Re: [PATCH v2 00/13] Dynamic Kernel Stacks
From: H. Peter Anvin
Date: Sat Apr 25 2026 - 05:52:35 EST
On 2026-04-24 12:41, Dave Hansen wrote:
> On 4/24/26 12:14, David Stevens wrote:
>> The question is then: is this approach something that is fundamentally
>> untenable in the kernel
>
> Yes. Fundamentally untenable.
>
> Not allowing stack faults has been a wonderful simplification.
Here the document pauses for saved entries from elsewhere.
Lemma colavg_eqP m k (X Y : 'M[R]_(m, k)) :
  colavg X = colavg Y <-> forall j, \sum_i (X i j - Y i j) = 0.
Proof.
case: m X Y => [|m] X Y.
  by split=> [_ j|_]; [rewrite big_ord0 | apply/colP => j; rewrite !mxE !big_ord0].
have m_neq0 : (m.+1%:R^-1 : R) != 0 by rewrite invr_eq0 pnatr_eq0.
split=> [/colP XY j | XY].
  by move: (XY j); rewrite !mxE sumrB => /(mulfI m_neq0) ->; rewrite subrr.
apply/colP => j; move/eqP: (XY j); rewrite sumrB subr_eq0 => /eqP XYj.
by rewrite !mxE XYj.
Qed.

Lemma trmx_sym_form m k (Z : 'M[R]_(m, k)) (V : 'M[R]_m) :
  V^T = V -> (Z^T *m V *m Z)^T = Z^T *m V *m Z.
Proof. by move=> V_sym; rewrite !trmx_mul trmxK V_sym mulmxA. Qed.

Lemma psd_centered_form m k (Z : 'M[R]_(m, k)) (V : 'M[R]_m) :
  (forall j, \sum_i Z i j = 0) -> V^T = V ->
  (forall u : 'rV_m, \sum_i u 0 i = 0 -> 0 <= (u *m V *m u^T) 0 0) ->
  psd (Z^T *m V *m Z).
Proof.
move=> Z_sum V_sym V_ge0; split; first exact: trmx_sym_form.
move=> v; set u := (Z *m v)^T.
have -> : v^T *m (Z^T *m V *m Z) *m v = u *m V *m u^T.
  by rewrite /u trmxK trmx_mul !mulmxA.
apply: V_ge0; rewrite /u; under eq_bigr do rewrite !mxE.
by rewrite exchange_big /= big1 // => j _; rewrite -mulr_suml Z_sum mul0r.
Qed.

End RealMatrices.

(* MathComp's spectral theorem is stated for hermitian matrices over a
   numClosedFieldType, so a real symmetric W is diagonalized over R[i]. *)
Section RealSymmetricSpectral.
Local Open Scope sesquilinear_scope.
Variables (R : realType) (n : nat) (W : 'M[R]_n.+1).
Hypothesis W_sym : W^T = W.

Local Notation toC := (real_complex R).
Local Notation Wc := (map_mx toC W).
Let P := spectralmx Wc.
Let d := spectral_diag Wc.

Lemma conj_map_real m1 m2 (A : 'M[R]_(m1, m2)) :
  map_mx conjC (map_mx toC A) = map_mx toC A.
Proof. by apply/matrixP => i j; rewrite !mxE conj_Creal // complex_real. Qed.

Lemma map_real_sym_hermsym : Wc \is hermsymmx.
Proof.
by apply/is_hermitianmxP; rewrite expr0 scale1r map_trmx W_sym conj_map_real.
Qed.

Lemma real_sym_spectral : Wc = P^t* *m diag_mx d *m P.
Proof.
rewrite -invmx_unitary ?spectral_unitarymx //.
exact/orthomx_spectralP/hermitian_normalmx/map_real_sym_hermsym.
Qed.
(* For either choice $\zeta\in\{q,-q^{3}\}$ (Fateev–Zamolodchikov or Izergin–Korepin model), the partition function $\mathcal{Z}(\lambda_1,\dots,\lambda_L)=\langle\bar 0|\mathcal{E}(\lambda_L)\cdots\mathcal{E}(\lambda_1)|0\rangle$ is a polynomial in the variables $x_i=e^{2\lambda_i}$ ($1\le i\le L$), symmetric under permutations of $\lambda_1,\dots,\lambda_L$, and of degree $2L-1$ in each variable $x_i$ separately.
   Context: Let $q\in\mathbb{C}\setminus\{0\}$ (with a fixed choice of $q^{1/2}$) and $\zeta\in\{q,-q^3\}$ ($\zeta=q$: Fateev–Zamolodchikov model; $\zeta=-q^3$: Izergin–Korepin model). For $\lambda\in\mathbb{C}$ put $x=e^{2\lambda}$ and define $a(\lambda)=(x-\zeta)(x-q^2)$, $b(\lambda)=q(x-1)(x-\zeta)$, $c(\lambda)=(1-q^2)(x-\zeta)$, $\bar c(\lambda)=x(1-q^2)(x-\zeta)$, and for $\alpha,\beta\in\{1,2,3\}$, with $\beta'=4-\beta$: $d_{\alpha,\beta}(\lambda)=q(x-1)(x-\zeta)+x(q^2-1)(\zeta-1)$ if $\alpha=\beta=2$; $d_{\alpha,\beta}(\lambda)=(x-1)[(x-\zeta)+x(q^2-1)]$ if $\alpha=\beta\neq 2$; $d_{\alpha,\beta}(\lambda)=(q^2-1)[\zeta(x-1)q^{(\alpha-\beta)/2}-\delta_{\alpha,\beta'}(x-\zeta)]$ if $\alpha<\beta$; $d_{\alpha,\beta}(\lambda)=x(q^2-1)[(x-1)q^{(\alpha-\beta)/2}-\delta_{\alpha,\beta'}(x-\zeta)]$ if $\alpha>\beta$. Let $e_1,e_2,e_3$ be the standard basis of $\mathbb{C}^3$ and $E_{\alpha,\beta}$ the unit matrices. Define $\mathcal{R}(\lambda)\in\mathrm{End}(\mathbb{C}^3\otimes\mathbb{C}^3)$ as the $9\times 9$ matrix in the ordered basis $e_1\otimes e_1,e_1\otimes e_2,e_1\otimes e_3,e_2\otimes e_1,e_2\otimes e_2,e_2\otimes e_3,e_3\otimes e_1,e_3\otimes e_2,e_3\otimes e_3$ (indices $1,\dots,9$) whose only nonzero entries (row, column) are: $(1,1)=a$; $(2,2)=b$, $(2,4)=c$; $(3,3)=d_{1,1}$, $(3,5)=d_{1,2}$, $(3,7)=d_{1,3}$; $(4,2)=\bar c$, $(4,4)=b$; $(5,3)=d_{2,1}$, $(5,5)=d_{2,2}$, $(5,7)=d_{2,3}$; $(6,6)=b$, $(6,8)=c$; $(7,3)=d_{3,1}$, $(7,5)=d_{3,2}$, $(7,7)=d_{3,3}$; $(8,6)=\bar c$, $(8,8)=b$; $(9,9)=a$ (all evaluated at $\lambda$). Fix $L\ge1$ and inhomogeneities $\mu_1,\dots,\mu_L\in\mathbb{C}$. With $V_a=V_1=\dots=V_L=\mathbb{C}^3$, let $\mathcal{T}(\lambda)=\mathcal{R}_{a1}(\lambda-\mu_1)\mathcal{R}_{a2}(\lambda-\mu_2)\cdots\mathcal{R}_{aL}(\lambda-\mu_L)\in\mathrm{End}(V_a\otimes V_1\otimes\cdots\otimes V_L)$, where $\mathcal{R}_{aj}$ acts as $\mathcal{R}$ on $V_a\otimes V_j$. Write $\mathcal{T}(\lambda)=\sum_{\alpha,\beta}E_{\alpha,\beta}\otimes\mathcal{T}_\alpha^\beta(\lambda)$ and set $\mathcal{A}(\lambda)=\mathcal{T}_1^1(\lambda)$, $\mathcal{B}(\lambda)=\mathcal{T}_1^2(\lambda)$, $\mathcal{E}(\lambda)=\mathcal{T}_1^3(\lambda)$, operators on $V_1\otimes\cdots\otimes V_L$. Let $|0\rangle=e_1^{\otimes L}$ and let $\langle\bar0|$ be the dual vector of $e_3^{\otimes L}$ (taking the coefficient of $e_3^{\otimes L}$). *)

From HB Require Import structures.
From mathcomp Require Import all_boot all_order all_algebra all_fingroup.
From mathcomp Require Import mpoly.
Set Implicit Arguments.
Unset Strict Implicit.
Unset Printing Implicit Defensive.
Import GRing.Theory Num.Theory.
Local Open Scope ring_scope.
Theorem mainTheorem6 (alpha : R) (Halpha : 1 < alpha < 2)
  (Psi dPsi : R -> R -> R) (HPsi : Psi_props alpha Psi dPsi)
  (eps : Z -> Z -> R)
  (H0 : Omega0_bound alpha eps) (H1 : Omega1_bound alpha eps)
  (M a b : R) (HM : 0 < M) (Hab : 1 / alpha < a /\ a < b /\ b < 1) :
  exists C : R,
    forall u1 u2 v : R,
      -M <= u1 <= M -> -M <= u2 <= M -> a <= v <= b ->
      exists x1 x2 : R,
        Xdd_is eps Psi u1 v x1 /\ Xdd_is eps Psi u2 v x2 /\
        (u1 <> u2 ->
         Rabs (x1 - x2) / Rpower (Rabs (u1 - u2)) (v - 1 / alpha) <= C).
Proof.
  destruct Hab as [Ha [Hab Hb]].
  destruct (Psi_props_decay alpha a b Psi dPsi HPsi Ha (Rlt_le _ _ Hab) Hb)
    as [K [HK [Hdecay Hderiv]]].
  destruct (eps_weighted_sum_bound alpha eps M ltac:(lra) HM H0 H1) as [A [HA Heps]].
  assert (Hinv : 0 < 1 / alpha) by (apply Rdiv_lt_0_compat; lra).
  assert (Halpha' : 0 < alpha) by lra. assert (Hab' : 1 / alpha < a /\ b < 1) by lra.
  exists (4 * K * A * (Rpower 2 (1 - (b - 1 / alpha)) / (Rpower 2 (1 - (b - 1 / alpha)) - 1)
                       + 1 / (1 - Rpower 2 (- (a - 1 / alpha))))).
  intros u1 u2 v Hu1 Hu2 Hv. apply Rabs_le in Hu1, Hu2.
  exists (Series (level Psi eps u1 v)), (Series (level Psi eps u2 v)).
  split; [exact (Xdd_is_level _ _ _ _ _ _ _ _ _ Halpha' Hab' HK HA Hdecay Heps u1 v Hu1 Hv)|].
  split; [exact (Xdd_is_level _ _ _ _ _ _ _ _ _ Halpha' Hab' HK HA Hdecay Heps u2 v Hu2 Hv)|].
  intro Hneq.
  pose proof (level_sum_increment_le _ _ _ _ _ _ _ _ _ Halpha' Hab' HK HA Hdecay Hderiv Heps
                u1 u2 v Hu1 Hu2 Hv Hneq) as Hinc.
  pose proof (holder_constant_le (a - 1 / alpha) (v - 1 / alpha) (b - 1 / alpha)
                ltac:(lra) ltac:(lra)) as Hconst.
  pose proof (Rpower_pos (Rabs (u1 - u2)) (v - 1 / alpha)) as Hpow.
  apply Rle_div_l; [exact Hpow|]. eapply Rle_trans; [exact Hinc|].
  apply Rmult_le_compat_r; [lra|]. apply Rmult_le_compat_l; [nra|exact Hconst].
Qed.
It's one
> of those things that just plain makes the kernel easier to maintain.
> Saving low single digits of system memory is not exactly making me eager
> to go back to the harder-to-maintain days.
>
> I seriously doubt that this 1% is the lowest hanging fruit for memory
> bloat on these systems. ;)
It is worth noting that this was one of the VERY early design decisions that
has shaped Linux from the beginning:
- No swapping of kernel memory
- Kernel stacks are statically allocated
- Physical RAM is mapped into the kernel at all times
- A "monolithic" kernel using function calls, not message passing
- A kernel interface that closely maps to the low-level application API
(e.g. each user space thread is a kernel thread.)
- Kernel ABIs and APIs are subject to evolution; stability is only guaranteed
in user space.
Those design decisions are, by and large, what has made Linux Linux: a
relatively simple, highly performant, and reliable system.